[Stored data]
Lemma card_block_off_class x b :
  #|[set y | inc y b & pblock Pcl y != pblock Pcl x]| = k.-1.
Proof.
rewrite -(card_block G b) -(cardsID (pblock Pcl x) [set y | inc y b]).
have -> : #|[set y | inc y b] :&: pblock Pcl x| = 1.
  rewrite -(card_class_block G b (pblock_class x)); apply: eq_card => y.
  by rewrite !inE andbC.
by rewrite add1n /=; apply: eq_card => y; rewrite !inE andbC eq_sym eq_pblock_class.
Qed.

Lemma card_classes (b : B) : #|Pcl| = k.
Proof.
rewrite -(card_block G b) -(@card_in_imset _ _ (pblock Pcl)) => [|x y]; last first.
  by rewrite !inE => xb yb; apply: block_class_inj xb yb.
apply: eq_card => C; apply/idP/imsetP => [CP|[x _ ->]]; last exact: pblock_class.
have /card_gt0P[x] : 0 < #|[set x in C | inc x b]| by rewrite (card_class_block G).
rewrite inE => /andP[xC xb]; exists x; rewrite ?inE //.
by rewrite (def_pblock (partition_trivIset (partition_classes G)) CP xC).
Qed.

End GroupDivisibleDesign.

Section ResolvableDesign.
Variables (P B : finType) (inc : P -> B -> bool) (Pcl : {set {set P}})
  (Rcl : {set {set B}}) (r lam m : nat).
Hypotheses (r_gt1 : 1 < r) (r_eq : r = lam * m) (card_points : #|P| = r * m)
  (G : group_divisible inc Pcl r lam m) (Rpart : partition Rcl [set: B])
  (card_parallel_block : forall R, R \in Rcl -> forall x, #|[set b in R | inc x b]| = 1)
  (card_common_points : forall b b', pblock Rcl b != pblock Rcl b' ->
     #|[set x | inc x b && inc x b']| = lam).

| Exercise |
Write the records out again. Each one must match exactly.

| Written response |
Lemma card_block_off_class x b :
  #|[set y | inc y b & pblock Pcl y != pblock Pcl x]| = k.-1.
Proof.
rewrite -(card_block G b) -(cardsID (pblock Pcl x) [set y | inc y b]).
have -> : #|[set y | inc y b] :&: pblock Pcl x| = 1.
  rewrite -(card_class_block G b (pblock_class x)); apply: eq_card => y.
  by rewrite !inE andbC.
by rewrite add1n /=; apply: eq_card => y; rewrite !inE andbC eq_sym eq_pblock_class.
Qed.

Lemma card_classes (b : B) : #|Pcl| = k.
Proof.
rewrite -(card_block G b) -(@card_in_imset _ _ (pblock Pcl)) => [|x y]; last first.
  by rewrite !inE => xb yb; apply: block_class_inj xb yb.
apply: eq_card => C; apply/idP/imsetP => [CP|[x _ ->]]; last exact: pblock_class.
have /card_gt0P[x] : 0 < #|[set x in C | inc x b]| by rewrite (card_class_block G).
rewrite inE => /andP[xC xb]; exists x; rewrite ?inE //.
by rewrite (def_pblock (partition_trivIset (partition_classes G)) CP xC).
Qed.

End GroupDivisibleDesign.

Section ResolvableDesign.
Variables (P B : finType) (inc : P -> B -> bool) (Pcl : {set {set P}})
  (Rcl : {set {set B}}) (r lam m : nat).
Hypotheses (r_gt1 : 1 < r) (r_eq : r = lam * m) (card_points : #|P| = r * m)
  (G : group_divisible inc Pcl r lam m) (Rpart : partition Rcl [set: B])
  (card_parallel_block : forall R, R \in Rcl -> forall x, #|[set b in R | inc x b]| = 1)
  (card_common_points : forall b b', pblock Rcl b != pblock Rcl b' ->
     #|[set x | inc x b && inc x b']| = lam).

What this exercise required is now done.